#### Recorded data
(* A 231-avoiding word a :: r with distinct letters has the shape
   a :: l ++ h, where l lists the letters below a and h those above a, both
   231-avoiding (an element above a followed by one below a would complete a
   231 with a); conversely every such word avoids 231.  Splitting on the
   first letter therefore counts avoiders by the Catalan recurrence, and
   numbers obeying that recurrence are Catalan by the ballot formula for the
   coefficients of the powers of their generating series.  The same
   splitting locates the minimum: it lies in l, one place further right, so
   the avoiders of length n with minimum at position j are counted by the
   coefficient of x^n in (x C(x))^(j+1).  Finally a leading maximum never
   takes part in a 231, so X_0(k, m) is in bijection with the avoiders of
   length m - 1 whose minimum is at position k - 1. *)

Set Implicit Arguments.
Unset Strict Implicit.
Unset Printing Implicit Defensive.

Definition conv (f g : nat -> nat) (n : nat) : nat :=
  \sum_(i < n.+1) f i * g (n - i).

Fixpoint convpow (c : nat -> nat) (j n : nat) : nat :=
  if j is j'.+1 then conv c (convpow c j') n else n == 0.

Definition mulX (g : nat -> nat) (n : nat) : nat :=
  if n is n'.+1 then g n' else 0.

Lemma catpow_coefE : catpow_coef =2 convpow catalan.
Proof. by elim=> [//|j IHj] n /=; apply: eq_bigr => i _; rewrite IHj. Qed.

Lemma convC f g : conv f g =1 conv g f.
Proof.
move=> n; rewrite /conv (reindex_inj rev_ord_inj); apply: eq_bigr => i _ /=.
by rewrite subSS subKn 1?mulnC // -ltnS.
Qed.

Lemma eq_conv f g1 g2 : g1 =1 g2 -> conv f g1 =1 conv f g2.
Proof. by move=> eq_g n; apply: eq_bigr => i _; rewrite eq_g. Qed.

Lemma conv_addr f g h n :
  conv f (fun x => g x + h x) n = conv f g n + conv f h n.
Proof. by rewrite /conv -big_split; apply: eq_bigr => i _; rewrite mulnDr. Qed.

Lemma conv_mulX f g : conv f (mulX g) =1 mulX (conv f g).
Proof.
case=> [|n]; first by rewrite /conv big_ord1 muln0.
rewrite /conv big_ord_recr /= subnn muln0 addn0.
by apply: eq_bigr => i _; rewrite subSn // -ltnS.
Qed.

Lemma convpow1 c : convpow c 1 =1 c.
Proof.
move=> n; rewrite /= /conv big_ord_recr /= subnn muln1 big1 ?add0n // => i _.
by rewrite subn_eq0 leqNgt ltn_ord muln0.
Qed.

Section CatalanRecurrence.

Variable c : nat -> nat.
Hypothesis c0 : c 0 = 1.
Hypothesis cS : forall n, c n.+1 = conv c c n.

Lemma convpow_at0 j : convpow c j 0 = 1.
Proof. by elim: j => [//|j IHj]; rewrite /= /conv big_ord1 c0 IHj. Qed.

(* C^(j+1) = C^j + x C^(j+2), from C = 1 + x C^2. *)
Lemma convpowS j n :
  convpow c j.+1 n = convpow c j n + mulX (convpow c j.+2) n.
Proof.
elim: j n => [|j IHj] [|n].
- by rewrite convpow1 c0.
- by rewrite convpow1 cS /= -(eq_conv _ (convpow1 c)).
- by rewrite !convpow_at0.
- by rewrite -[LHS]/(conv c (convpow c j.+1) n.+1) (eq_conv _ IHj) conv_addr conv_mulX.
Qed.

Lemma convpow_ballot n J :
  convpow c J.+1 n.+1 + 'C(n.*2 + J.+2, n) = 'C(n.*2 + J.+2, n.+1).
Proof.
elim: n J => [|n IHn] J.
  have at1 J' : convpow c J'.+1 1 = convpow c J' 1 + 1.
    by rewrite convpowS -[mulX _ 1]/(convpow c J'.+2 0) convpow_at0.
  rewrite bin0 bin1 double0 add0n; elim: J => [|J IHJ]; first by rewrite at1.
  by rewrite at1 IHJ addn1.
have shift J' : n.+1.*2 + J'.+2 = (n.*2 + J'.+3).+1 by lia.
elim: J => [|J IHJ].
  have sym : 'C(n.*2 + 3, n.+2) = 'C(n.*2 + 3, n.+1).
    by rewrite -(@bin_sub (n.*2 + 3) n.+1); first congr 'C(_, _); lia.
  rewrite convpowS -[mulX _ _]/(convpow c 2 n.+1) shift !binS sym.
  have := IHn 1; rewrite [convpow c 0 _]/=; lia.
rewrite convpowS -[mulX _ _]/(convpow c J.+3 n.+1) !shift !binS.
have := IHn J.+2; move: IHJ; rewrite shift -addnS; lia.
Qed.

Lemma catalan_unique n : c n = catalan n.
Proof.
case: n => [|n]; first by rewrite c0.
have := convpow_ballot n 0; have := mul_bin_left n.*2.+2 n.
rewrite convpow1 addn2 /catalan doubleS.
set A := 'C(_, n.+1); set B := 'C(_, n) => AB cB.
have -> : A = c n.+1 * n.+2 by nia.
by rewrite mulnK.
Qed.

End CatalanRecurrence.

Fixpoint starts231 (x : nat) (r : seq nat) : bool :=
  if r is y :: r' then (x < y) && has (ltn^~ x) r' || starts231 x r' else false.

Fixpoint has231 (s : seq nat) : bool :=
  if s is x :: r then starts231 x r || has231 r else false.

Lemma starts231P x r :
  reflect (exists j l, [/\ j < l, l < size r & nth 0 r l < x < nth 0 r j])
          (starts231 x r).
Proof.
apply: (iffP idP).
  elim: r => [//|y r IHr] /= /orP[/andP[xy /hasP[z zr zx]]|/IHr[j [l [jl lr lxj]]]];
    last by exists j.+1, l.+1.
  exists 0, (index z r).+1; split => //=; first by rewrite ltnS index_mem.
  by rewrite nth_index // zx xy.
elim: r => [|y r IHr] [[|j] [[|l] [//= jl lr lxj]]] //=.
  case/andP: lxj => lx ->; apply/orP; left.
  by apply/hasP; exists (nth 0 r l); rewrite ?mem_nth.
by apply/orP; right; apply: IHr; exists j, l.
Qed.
########
_Exercise objective_:
Your answer must be the records above, repeated exactly.

_Exercise response_:
(* A 231-avoiding word a :: r with distinct letters has the shape
   a :: l ++ h, where l lists the letters below a and h those above a, both
   231-avoiding (an element above a followed by one below a would complete a
   231 with a); conversely every such word avoids 231.  Splitting on the
   first letter therefore counts avoiders by the Catalan recurrence, and
   numbers obeying that recurrence are Catalan by the ballot formula for the
   coefficients of the powers of their generating series.  The same
   splitting locates the minimum: it lies in l, one place further right, so
   the avoiders of length n with minimum at position j are counted by the
   coefficient of x^n in (x C(x))^(j+1).  Finally a leading maximum never
   takes part in a 231, so X_0(k, m) is in bijection with the avoiders of
   length m - 1 whose minimum is at position k - 1. *)

Set Implicit Arguments.
Unset Strict Implicit.
Unset Printing Implicit Defensive.

Definition conv (f g : nat -> nat) (n : nat) : nat :=
  \sum_(i < n.+1) f i * g (n - i).

Fixpoint convpow (c : nat -> nat) (j n : nat) : nat :=
  if j is j'.+1 then conv c (convpow c j') n else n == 0.

Definition mulX (g : nat -> nat) (n : nat) : nat :=
  if n is n'.+1 then g n' else 0.

Lemma catpow_coefE : catpow_coef =2 convpow catalan.
Proof. by elim=> [//|j IHj] n /=; apply: eq_bigr => i _; rewrite IHj. Qed.

Lemma convC f g : conv f g =1 conv g f.
Proof.
move=> n; rewrite /conv (reindex_inj rev_ord_inj); apply: eq_bigr => i _ /=.
by rewrite subSS subKn 1?mulnC // -ltnS.
Qed.

Lemma eq_conv f g1 g2 : g1 =1 g2 -> conv f g1 =1 conv f g2.
Proof. by move=> eq_g n; apply: eq_bigr => i _; rewrite eq_g. Qed.

Lemma conv_addr f g h n :
  conv f (fun x => g x + h x) n = conv f g n + conv f h n.
Proof. by rewrite /conv -big_split; apply: eq_bigr => i _; rewrite mulnDr. Qed.

Lemma conv_mulX f g : conv f (mulX g) =1 mulX (conv f g).
Proof.
case=> [|n]; first by rewrite /conv big_ord1 muln0.
rewrite /conv big_ord_recr /= subnn muln0 addn0.
by apply: eq_bigr => i _; rewrite subSn // -ltnS.
Qed.

Lemma convpow1 c : convpow c 1 =1 c.
Proof.
move=> n; rewrite /= /conv big_ord_recr /= subnn muln1 big1 ?add0n // => i _.
by rewrite subn_eq0 leqNgt ltn_ord muln0.
Qed.

Section CatalanRecurrence.

Variable c : nat -> nat.
Hypothesis c0 : c 0 = 1.
Hypothesis cS : forall n, c n.+1 = conv c c n.

Lemma convpow_at0 j : convpow c j 0 = 1.
Proof. by elim: j => [//|j IHj]; rewrite /= /conv big_ord1 c0 IHj. Qed.

(* C^(j+1) = C^j + x C^(j+2), from C = 1 + x C^2. *)
Lemma convpowS j n :
  convpow c j.+1 n = convpow c j n + mulX (convpow c j.+2) n.
Proof.
elim: j n => [|j IHj] [|n].
- by rewrite convpow1 c0.
- by rewrite convpow1 cS /= -(eq_conv _ (convpow1 c)).
- by rewrite !convpow_at0.
- by rewrite -[LHS]/(conv c (convpow c j.+1) n.+1) (eq_conv _ IHj) conv_addr conv_mulX.
Qed.

Lemma convpow_ballot n J :
  convpow c J.+1 n.+1 + 'C(n.*2 + J.+2, n) = 'C(n.*2 + J.+2, n.+1).
Proof.
elim: n J => [|n IHn] J.
  have at1 J' : convpow c J'.+1 1 = convpow c J' 1 + 1.
    by rewrite convpowS -[mulX _ 1]/(convpow c J'.+2 0) convpow_at0.
  rewrite bin0 bin1 double0 add0n; elim: J => [|J IHJ]; first by rewrite at1.
  by rewrite at1 IHJ addn1.
have shift J' : n.+1.*2 + J'.+2 = (n.*2 + J'.+3).+1 by lia.
elim: J => [|J IHJ].
  have sym : 'C(n.*2 + 3, n.+2) = 'C(n.*2 + 3, n.+1).
    by rewrite -(@bin_sub (n.*2 + 3) n.+1); first congr 'C(_, _); lia.
  rewrite convpowS -[mulX _ _]/(convpow c 2 n.+1) shift !binS sym.
  have := IHn 1; rewrite [convpow c 0 _]/=; lia.
rewrite convpowS -[mulX _ _]/(convpow c J.+3 n.+1) !shift !binS.
have := IHn J.+2; move: IHJ; rewrite shift -addnS; lia.
Qed.

Lemma catalan_unique n : c n = catalan n.
Proof.
case: n => [|n]; first by rewrite c0.
have := convpow_ballot n 0; have := mul_bin_left n.*2.+2 n.
rewrite convpow1 addn2 /catalan doubleS.
set A := 'C(_, n.+1); set B := 'C(_, n) => AB cB.
have -> : A = c n.+1 * n.+2 by nia.
by rewrite mulnK.
Qed.

End CatalanRecurrence.

Fixpoint starts231 (x : nat) (r : seq nat) : bool :=
  if r is y :: r' then (x < y) && has (ltn^~ x) r' || starts231 x r' else false.

Fixpoint has231 (s : seq nat) : bool :=
  if s is x :: r then starts231 x r || has231 r else false.

Lemma starts231P x r :
  reflect (exists j l, [/\ j < l, l < size r & nth 0 r l < x < nth 0 r j])
          (starts231 x r).
Proof.
apply: (iffP idP).
  elim: r => [//|y r IHr] /= /orP[/andP[xy /hasP[z zr zx]]|/IHr[j [l [jl lr lxj]]]];
    last by exists j.+1, l.+1.
  exists 0, (index z r).+1; split => //=; first by rewrite ltnS index_mem.
  by rewrite nth_index // zx xy.
elim: r => [|y r IHr] [[|j] [[|l] [//= jl lr lxj]]] //=.
  case/andP: lxj => lx ->; apply/orP; left.
  by apply/hasP; exists (nth 0 r l); rewrite ?mem_nth.
by apply/orP; right; apply: IHr; exists j, l.
Qed.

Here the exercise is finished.